Éditorial du numéro 101
Contrer l’extrême droite au Canada
Dans un an auront lieu les prochaines élections au Canada. Si l’échéance peut sembler lointaine, le résultat anticipé s’annonce inquiétant. L’avance de Pierre Poilievre et du Parti conservateur dans les sondages est si grande qu’elle pourrait être difficile à surmonter.
Le chef du parti a clairement montré ses couleurs : celle d’une droite radicale décomplexée qui s’inspire clairement, tant par ses politiques que par sa rhétorique ultra simpliste et alarmiste, des autres extrêmes droites dans le monde, notamment celle des États-Unis rassemblée derrière le délirant Donald Trump.
Cette montée de l’extrême droite est déjà une catastrophe. Elle facilite des reculs majeurs sur le plan de la justice sociale, de la protection de l’environnement et des droits des femmes, tout en déshumanisant et violentant des communautés déjà marginalisées (personnes de confession musulmane et personnes LGBTQ2S+, entre autres). Ainsi faut-il se réjouir des récents sursauts contre l’extrême droite dans le processus électoral en France et aux États-Unis.
Alors que le Rassemblement national se dirigeait vers une victoire quasi assurée aux élections législatives en France, les partis de gauche se sont unis en formant le Nouveau Front Populaire, laissant de côté ses nombreuses dissentions et réussissant, avec une rapidité surprenante, à s’organiser efficacement, ce qui lui a permis de devenir la première force politique de l’Assemblée nationale.
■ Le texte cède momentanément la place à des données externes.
(* Let $c\in\mathbb{R}$, $\beta\geq0$, $q\in(0,1)$, and let $J:\mathbb{Z}\to\mathbb{R}$ satisfy $$\sum_{i=-\infty}^0 \left(1+q^{2(i-c)}\frac{e^{\beta J(i-1)}}{e^{\beta |J(i)|}+q^2 e^{\beta |J(i-2)|}}\right)^{-1} + \sum_{i=1}^\infty \left(1+q^{-2(i-c)}\frac{e^{\beta J(i-1)}}{e^{\beta |J(i)|}+q^{-2} e^{\beta |J(i-2)|}}\right)^{-1}<\infty.$$ Then for every $n\in\mathbb{Z}$, $$\mu_{J}^c(\{N=n\}) = q^{-2nc + n(n+1)}\,\mu_{J}^c\Big(\mathbb{1}_{\{N=0\}}e^{-\beta H^{(n)}_{J}}\Big),\qquad\text{where } H_{J}^{(n)}(\sigma) = \sum_{i\in\mathbb Z} \big(J(i+n) - J(i)\big)\mathbb{1}_{\{\sigma_{i}\neq \sigma_{i+1}\}}.$$
   Context: Spin configurations are $\sigma\in\{-1,+1\}^{\mathbb{Z}}$. Let $\mathcal{B}$ be the set of configurations for which there exist $a,b\in\mathbb{Z}$ with $\sigma_{a-i}=-1$ and $\sigma_{b+i}=+1$ for all $i\in\mathbb{N}$. The Hamiltonian is $H_J(\sigma)=\sum_{i\in\mathbb{Z}}J(i)\mathbb{1}_{\{\sigma_i\neq\sigma_{i+1}\}}$ and $f_c(\sigma)=2\sum_{i=1}^\infty(i-c)\mathbb{1}_{\{\sigma_i=-1\}}-2\sum_{i=-\infty}^0(i-c)\mathbb{1}_{\{\sigma_i=1\}}$. The probability measure $\mu^c_J$ is given by $\mu^c_J(\sigma)=e^{-\beta H_J(\sigma)}q^{f_c(\sigma)}/Z^J_{\beta,q,c}$ with $Z^J_{\beta,q,c}=\sum_\sigma e^{-\beta H_J(\sigma)}q^{f_c(\sigma)}$; under the displayed summability condition it is concentrated on $\mathcal{B}$. For $\sigma\in\mathcal{B}$ let $N_+(\sigma)=\#\{i\leq 0:\sigma_i=+1\}$, $N_-(\sigma)=\#\{i\geq1:\sigma_i=-1\}$ (both finite), and $N(\sigma)=N_-(\sigma)-N_+(\sigma)$. For a function $F$, $\mu^c_J(F)$ denotes the expectation of $F$ under $\mu^c_J$. *)

From mathcomp Require Import all_boot all_order all_algebra.
From mathcomp Require Import all_classical all_reals all_analysis.
Set Implicit Arguments. Unset Strict Implicit. Unset Printing Implicit Defensive.
Import Order.TTheory GRing.Theory Num.Theory.
Local Open Scope classical_set_scope.
Local Open Scope ring_scope.

(* Spin configurations sigma in {-1,+1}^Z, encoded as int -> bool with
   true <-> +1 and false <-> -1. *)
Definition config := int -> bool.

Definition inB (s : config) : Prop :=
  exists a b : int, forall i : nat, s (a - i%:Z) = false /\ s (b + i%:Z) = true.

Definition walls (s : config) : set int := [set i | s i != s (i + 1)].

Section Model.
Variable R : realType.

Definition HJ (J : int -> R) (s : config) : R := \sum_(i \in walls s) J i.

Definition HJn (n : int) (J : int -> R) (s : config) : R :=
  \sum_(i \in walls s) (J (i + n) - J i).

Definition fc (c : R) (s : config) : R :=
  2 * (\sum_(i \in [set i : int | 1 <= i /\ s i = false]) (i%:~R - c))
  - 2 * (\sum_(i \in [set i : int | i <= 0 /\ s i = true]) (i%:~R - c)).

Definition weight (beta q c : R) (J : int -> R) (s : config) : R :=
  expR (- beta * HJ J s) * q `^ (fc c s).

(* partition function Z^J_{beta,q,c} (mu^c_J is concentrated on B) *)
Definition Zpart (beta q c : R) (J : int -> R) : \bar R :=
  \esum_(s in inB) (weight beta q c J s)%:E.

(* expectation mu^c_J(F) of a nonnegative function F *)
Definition mu (beta q c : R) (J : int -> R) (F : config -> R) : R :=
  fine (\esum_(s in inB) (weight beta q c J s * F s)%:E) / fine (Zpart beta q c J).

End Model.

Definition Nplus (s : config) : int :=
  \sum_(i \in [set i : int | i <= 0 /\ s i = true]) (1 : int).
Definition Nminus (s : config) : int :=
  \sum_(i \in [set i : int | 1 <= i /\ s i = false]) (1 : int).
Definition Nspin (s : config) : int := Nminus s - Nplus s.

(* Translating a configuration by n sites, sigma |-> sigma(. - n), is a bijection of B
   mapping {N = 0} onto {N = n}.  It moves every domain wall by n, so H_J becomes
   H_J + H^(n)_J, and since N and f_c change by explicit amounts under a unit
   translation, f_c gains exactly -2nc + n(n+1) on {N = 0}.  Summing the weights
   over this bijection gives the identity.  The normalisation Z is the same on
   both sides. *)

From mathcomp Require Import all_boot all_order all_algebra.
From mathcomp Require Import all_classical all_reals all_analysis.
From mathcomp Require Import zify ring.
Import Order.TTheory GRing.Theory Num.Theory.
Local Open Scope classical_set_scope.
Local Open Scope ring_scope.

Set Implicit Arguments.
Unset Strict Implicit.
Unset Printing Implicit Defensive.

Lemma int_ind_succ (P : int -> Prop) :
  P 0 -> (forall n, P n <-> P (n + 1)) -> forall n, P n.
Proof.
move=> P0 PS; elim/int_rect => [//|k|k].
  by rewrite -addn1 PoszD => /PS.
by rewrite -addn1 PoszD opprD => Pk; apply/PS; rewrite subrK.
Qed.

Lemma finite_set_int_bounded (A : set int) (lo hi : int) :
  (forall i, A i -> lo <= i <= hi) -> finite_set A.
Proof.
move=> Abnd; apply: (sub_finite_set (B := (fun k : nat => lo + k%:Z) @` `I_(absz (hi - lo)).+1)).
  by move=> i /Abnd /andP[loi ihi]; exists (absz (i - lo)); rewrite /=; lia.
exact/finite_image/finite_II.
Qed.

Lemma inB_bounds s : inB s -> exists a b : int,
  (forall i, i <= a -> s i = false) /\ (forall i, b <= i -> s i = true).
Proof.
move=> [a [b sab]]; exists a, b; split => i hi.
  have -> : i = a - (absz (a - i))%:Z by lia.
  by case: (sab (absz (a - i))).
have -> : i = b + (absz (i - b))%:Z by lia.
by case: (sab (absz (i - b))).
Qed.

Definition minus_right (s : config) : set int := [set i | 1 <= i /\ s i = false].
Definition plus_left (s : config) : set int := [set i | i <= 0 /\ s i = true].

Lemma finite_minus_right s : inB s -> finite_set (minus_right s).
Proof.
move=> /inB_bounds [a [b [_ sb]]]; apply: (@finite_set_int_bounded _ 1 b).
move=> i [i1 si]; rewrite i1 /=; case: lerP => // /ltW /sb; by rewrite si.
Qed.

Lemma finite_plus_left s : inB s -> finite_set (plus_left s).
Proof.
move=> /inB_bounds [a [b [sa _]]]; apply: (@finite_set_int_bounded _ a 0).
move=> i [i0 si]; rewrite i0 andbT; case: lerP => // /ltW /sa; by rewrite si.
Qed.

Lemma finite_walls s : inB s -> finite_set (walls s).
Proof.
move=> /inB_bounds [a [b [sa sb]]]; apply: (@finite_set_int_bounded _ a b).
move=> i /= /negP wi; apply/andP; split; rewrite leNgt; apply/negP => hi; apply: wi.
  by rewrite !sa //; lia.
by rewrite !sb //; lia.
Qed.

Definition translate (n : int) (s : config) : config := fun i => s (i - n).

Lemma translate0 s : translate 0 s = s.
Proof. by apply/funext => i; rewrite /translate subr0. Qed.

Lemma translateD m n s : translate (m + n) s = translate m (translate n s).
Proof. by apply/funext => i; rewrite /translate opprD addrA. Qed.

Lemma translate_inB n s : inB s -> inB (translate n s).
Proof.
move=> [a [b sab]]; exists (a + n), (b + n) => i; rewrite /translate.
by rewrite addrAC addrK (addrAC b) addrK.
Qed.

Section Imbalance.
Variable V : zmodType.

(* N = imbalance (fun _ => 1) and f_c = 2 * imbalance (fun i => i - c). *)
Definition imbalance (F : int -> V) (s : config) : V :=
  \sum_(i \in minus_right s) F i - \sum_(i \in plus_left s) F i.

Lemma fsum_translate (P : int -> Prop) (b : bool) (F : int -> V) n s :
  \sum_(i \in [set i | P i /\ translate n s i = b]) F i =
  \sum_(j \in [set j | P (j + n) /\ s j = b]) F (j + n).
Proof.
apply: reindex_fsbig; split.
- by move=> j /= [Pj sj]; rewrite /translate addrK.
- by move=> j k _ _ /addIr.
- by move=> i /= [Pi si]; exists (i - n); rewrite ?subrK.
Qed.

(* Site 0 crosses to site 1: a +1 spin leaves plus_left, a -1 spin enters
   minus_right, and either way the imbalance gains F 1. *)
Lemma imbalance_translate1 F s : inB s ->
  imbalance F (translate 1 s) = imbalance (fun i => F (i + 1)) s + F 1.
Proof.
move=> sB; rewrite /imbalance (fsum_translate (fun i => 1 <= i)).
rewrite (fsum_translate (fun i => i <= 0)).
case s0 : (s 0).
- have -> : [set j | 1 <= j + 1 /\ s j = false] = minus_right s.
    apply/seteqP; split => j /= [hj sj]; split => //; last by lia.
    have : j != 0 by apply/eqP => j0; move: sj; rewrite j0 s0.
    lia.
  have -> : \sum_(i \in plus_left s) F (i + 1) =
      F 1 + \sum_(j \in [set j | j + 1 <= 0 /\ s j = true]) F (j + 1).
    rewrite (fsbigD1 0) //; last exact: finite_plus_left.
    congr (_ + _); apply: eq_fsbigl; apply/seteqP; split => j /=.
      by move=> [[hj sj] /eqP j0]; split => //; lia.
    by move=> [hj sj]; split; [split => //; lia | apply/eqP; lia].
  by rewrite opprD addrA addrAC subrK.
- have -> : [set j | j + 1 <= 0 /\ s j = true] = plus_left s.
    apply/seteqP; split => j /= [hj sj]; split => //; first by lia.
    have : j != 0 by apply/eqP => j0; move: sj; rewrite j0 s0.
    lia.
  have -> : \sum_(j \in [set j | 1 <= j + 1 /\ s j = false]) F (j + 1) =
      F 1 + \sum_(i \in minus_right s) F (i + 1).
    rewrite (fsbigD1 0) //=; last first.
      apply: (sub_finite_set (B := 0 |` minus_right s)).
        by move=> j [hj sj]; have [->|j0] := eqVneq j 0; [left | right; split => //; lia].
      by rewrite finite_setU; split => //; apply: finite_minus_right.
    congr (_ + _); apply: eq_fsbigl; apply/seteqP; split => j /=.
      by move=> [[hj sj] /eqP j0]; split => //; lia.
    by move=> [hj sj]; split; [split => //; lia | apply/eqP; lia].
  by rewrite -addrA addrC.
Qed.

Lemma imbalanceD F G s : inB s ->
  imbalance (fun i => F i + G i) s = imbalance F s + imbalance G s.
Proof.
move=> sB; have [fm fp] := (finite_minus_right sB, finite_plus_left sB).
by rewrite /imbalance !fsbig_split // opprD addrACA.
Qed.

End Imbalance.

Lemma imbalance_morph (V W : zmodType) (f : {additive V -> W}) F s : inB s ->
  imbalance (f \o F) s = f (imbalance F s).
Proof.
move=> sB; rewrite /imbalance raddfB.
rewrite !(fsbig_finite _ _ (finite_minus_right sB)).
by rewrite !(fsbig_finite _ _ (finite_plus_left sB)) !raddf_sum.
Qed.

Lemma translateS n s : translate (n + 1) s = translate 1 (translate n s).
Proof. by rewrite addrC translateD. Qed.

Lemma Nspin_translate n s : inB s -> Nspin (translate n s) = Nspin s + n.
Proof.
move=> sB; elim/int_ind_succ: n => [|n]; first by rewrite translate0 addr0.
rewrite translateS.
have -> : Nspin (translate 1 (translate n s)) = Nspin (translate n s) + 1.
  exact: imbalance_translate1 (translate_inB n sB).
by rewrite addrA; split => [->|/addIr].
Qed.

Section Energy.
Variable R : realType.

Lemma Nspin_intr s : inB s -> (Nspin s)%:~R = imbalance (fun _ => 1 : R) s.
Proof. by move=> sB; rewrite -(imbalance_morph intr _ sB). Qed.

Lemma fc_imbalance (c : R) s : fc c s = 2 * imbalance (fun i : int => i%:~R - c) s.
Proof. by rewrite /fc mulrBr. Qed.

Lemma fc_translate1 (c : R) s : inB s ->
  fc c (translate 1 s) = fc c s + (2 * (Nspin s)%:~R + 2 - 2 * c).
Proof.
move=> sB; rewrite !fc_imbalance imbalance_translate1 //=.
have -> : (fun i : int => (i + 1)%:~R - c) = (fun i => (i%:~R - c) + 1 : R).
  by apply/funext => i; rewrite intrD addrAC.
by rewrite imbalanceD // -Nspin_intr //; ring.
Qed.

Lemma fc_translate (c : R) n s : inB s ->
  fc c (translate n s) =
  fc c s + (2 * n%:~R * (Nspin s)%:~R + (n * (n + 1))%:~R - 2 * n%:~R * c).
Proof.
move=> sB; elim/int_ind_succ: n => [|n]; first by rewrite translate0; ring.
rewrite translateS (fc_translate1 c (translate_inB n sB)) (Nspin_translate n sB).
have -> : fc c s + (2 * (n + 1)%:~R * (Nspin s)%:~R + ((n + 1) * (n + 1 + 1))%:~R
            - 2 * (n + 1)%:~R * c) =
          fc c s + (2 * n%:~R * (Nspin s)%:~R + (n * (n + 1))%:~R - 2 * n%:~R * c)
          + (2 * (Nspin s + n)%:~R + 2 - 2 * c).
  by rewrite !(intrD, intrM); ring.
by split => [->|/addIr].
Qed.

Lemma HJ_translate (J : int -> R) n s : inB s ->
  HJ J (translate n s) = HJ J s + HJn n J s.
Proof.
move=> sB; rewrite /HJ /HJn (reindex_fsbig (fun i => i + n) (walls s)); last first.
  split.
  - by move=> i; rewrite /walls /translate /= addrK addrAC addrK.
  - by move=> i j _ _ /addIr.
  - move=> j; rewrite /walls /translate /= => wj; exists (j - n); rewrite ?subrK //.
    by rewrite addrAC.
rewrite -fsbig_split; last exact: finite_walls.
by apply: eq_fsbigr => i _; rewrite [RHS]addrC subrK.
Qed.

Lemma weight_translate (beta q c : R) (J : int -> R) n s :
  0 < q -> inB s -> Nspin s = 0 ->
  weight beta q c J (translate n s) =
  q `^ (- 2 * n%:~R * c + (n * (n + 1))%:~R) *
    (weight beta q c J s * expR (- beta * HJn n J s)).
Proof.
move=> q0 sB N0; rewrite /weight HJ_translate // fc_translate // N0 mulr0z mulr0 add0r.
have -> : (n * (n + 1))%:~R - 2 * n%:~R * c = - 2 * n%:~R * c + (n * (n + 1))%:~R :> R.
  by ring.
by rewrite mulrDr expRD powRD ?(gt_eqF q0) ?implybT //; ring.
Qed.

End Energy.

Lemma translate_bij n :
  set_bij (inB `&` [set s | Nspin s == 0]) (inB `&` [set s | Nspin s == n]) (translate n).
Proof.
split.
- move=> s [sB /eqP N0]; split; first exact: translate_inB.
  by rewrite /= Nspin_translate // N0 add0r.
- move=> s t _ _ st; apply/funext => i.
  by have := congr1 (fun u => u (i + n)) st; rewrite /translate /= addrK.
- move=> t [tB /eqP Nt]; exists (translate (- n) t).
    split; first exact: translate_inB.
    by rewrite /= Nspin_translate // Nt subrr.
  by rewrite -translateD subrr translate0.
Qed.

Section ExtendedSums.
Variables (R : realType) (T : choiceType).

Lemma esum_indicator (A : set T) (P : pred T) (f : T -> R) :
  \esum_(x in A) ((P x)%:R * f x)%:E = \esum_(x in A `&` [set x | P x]) (f x)%:E.
Proof.
rewrite esum_mkcondr; apply: eq_esum => x _.
have [Px|/negP Px] := boolP (P x).
  by rewrite mem_set // mul1r.
by rewrite memNset // mul0r.
Qed.

Lemma esumZl (A : set T) (f : T -> R) (r : R) : 0 < r ->
  \esum_(x in A) (r * f x)%:E = (r%:E * \esum_(x in A) (f x)%:E)%E.
Proof.
move=> r0; rewrite /esum -ereal_sup_pZl //; congr ereal_sup.
apply/seteqP; split => y /=.
  move=> [X [Xf XA] <-]; exists (\sum_(x \in X) (f x)%:E)%E; first by exists X.
  by rewrite !fsumEFin // -EFinM mulr_fsumr.
move=> [z [X [Xf XA] <-] <-]; exists X => //.
by rewrite !fsumEFin // -EFinM mulr_fsumr.
Qed.

End ExtendedSums.

Lemma fine_mulEFin (R : realType) (r : R) (x : \bar R) : 0 < r ->
  fine (r%:E * x)%E = r * fine x.
Proof.
move=> r0; case: x => [y| |] //=.
- by rewrite mulry gtr0_sg // mul1e mulr0.
- by rewrite mulrNy gtr0_sg // mul1e mulr0.
Qed.

Theorem lemma2p6 (R : realType) (c beta q : R) (J : int -> R)
  (hbeta : 0 <= beta) (hq0 : 0 < q) (hq1 : q < 1)
  (hsum : (\esum_(i in [set i : int | (i <= 0)%R])
             EFin ((1 + q `^ (2 * (i%:~R - c)) *
                 (expR (beta * J (i - 1)) /
                  (expR (beta * `|J i|) + q ^+ 2 * expR (beta * `|J (i - 2)|))))^-1)%R
           + \esum_(i in [set i : int | (0 < i)%R])
             EFin ((1 + q `^ (- 2 * (i%:~R - c)) *
                 (expR (beta * J (i - 1)) /
                  (expR (beta * `|J i|) + q ^- 2 * expR (beta * `|J (i - 2)|))))^-1)%R
           < +oo)%E)
  (n : int) :
  mu beta q c J (fun s => (Nspin s == n)%:R)
  = q `^ (- 2 * n%:~R * c + (n * (n + 1))%:~R)
    * mu beta q c J (fun s => (Nspin s == 0)%:R * expR (- beta * HJn n J s)).
Proof.
have D0 : 0 < q `^ (- 2 * n%:~R * c + (n * (n + 1))%:~R) by apply: powR_gt0.
rewrite /mu.
have -> : \esum_(s in inB) (weight beta q c J s * (Nspin s == n)%:R)%:E =
    \esum_(s in inB `&` [set s | Nspin s == n]) (weight beta q c J s)%:E.
  by rewrite -esum_indicator; apply: eq_esum => s _; rewrite mulrC.
have -> : \esum_(s in inB)
      (weight beta q c J s * ((Nspin s == 0)%:R * expR (- beta * HJn n J s)))%:E =
    \esum_(s in inB `&` [set s | Nspin s == 0])
      (weight beta q c J s * expR (- beta * HJn n J s))%:E.
  by rewrite -esum_indicator; apply: eq_esum => s _; rewrite mulrCA.
rewrite mulrA -fine_mulEFin // -esumZl // (reindex_esum _ _ _ _ (translate_bij n)).
by congr (fine _ / _); apply: eq_esum => s [sB /eqP N0]; rewrite weight_translate.
Qed.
Aux États-Unis, alors que l’élection de Trump semblait inéluctable tant les difficultés de Joe Biden étaient évidentes, l’arrivée de Kamala Harris et Tim Walz a créé un revirement majeur révélé à la fois par les sondages et par l’enthousiasme que suscite leur candidature.
Le Parti démocrate ne s’est jamais éloigné des élites financières, surtout dans les années néolibérales, avec les gouvernements de Clinton et d’Obama. Dans la dernière année, son appui indéfectible à Israël l’a même amené à se rendre complice d’une campagne génocidaire à Gaza. Sans espérer de miraculeux retournements, il faut toutefois reconnaître que sous l’inspiration de Bernie Sanders et de celles et ceux qui l’ont soutenu, les progressistes au sein du parti se font beaucoup mieux entendre, comme en témoigne la nomination de Tim Walz comme candidat à la vice-présidence.
Certes, les élections ont le plus souvent des résultats limités. Il nous a été démontré à tant d’occasions que l’alternance du pouvoir mène en fait à favoriser la même élite d’affaires qui parvient le plus souvent à obtenir ce qu’elle veut des gouvernements, peu importe leur allégeance. Cette complicité des gouvernements d’orientation libérale contribue à la popularité de discours d’extrême droite.
Les émeutes racistes et islamophobes en Grande-Bretagne de cet été illustrent bien les limites de la voie électorale pour barrer la route à l’extrême droite. Quelques semaines à peine après l’élection du Parti travailliste mené par le mièvre Keir Starmer, des regroupements haineux s’en sont pris violemment à des réfugié·es et des personnes musulmanes. C’est une imposante mobilisation citoyenne antifasciste qui a permis d’y mettre un frein.
Pour combattre le radicalisme de droite en politique, il semble donc clair que les partis de gauche sont les mieux placés pour répliquer, si on prend l’exemple de la France et des États-Unis. Les politiques néolibérales ne sont plus envisageables ; elles ont même pavé la voie à l’extrême droite.
Au Canada, les succès des conservateurs sont moins dus à l’attraction de leurs idées, qui n’ont pas encore été vraiment soumises au débat public, qu’à une réelle lassitude de la population après neuf ans de gouvernement Trudeau. Le discours démagogique de Pierre Poilievre se nourrit pleinement de cette situation et annonce des reculs majeurs dans de nombreux secteurs et pour plusieurs segments de la population.
Malgré les particularités de notre situation politique et les importantes difficultés que nous aurons à surmonter, l’exemple de la résistance à l’extrême droite en contexte électoral, en France, aux États-Unis, en Grande-Bretagne, mais aussi au Brésil et en Pologne, entre autres, devrait nous inspirer pour éviter le pire. Nous avons encore un an pour nous préparer. Souhaitons que les mouvements de gauche canadiens sauront s’organiser et se mobiliser sur des bases unitaires, combattives, rassembleuses et inspirantes.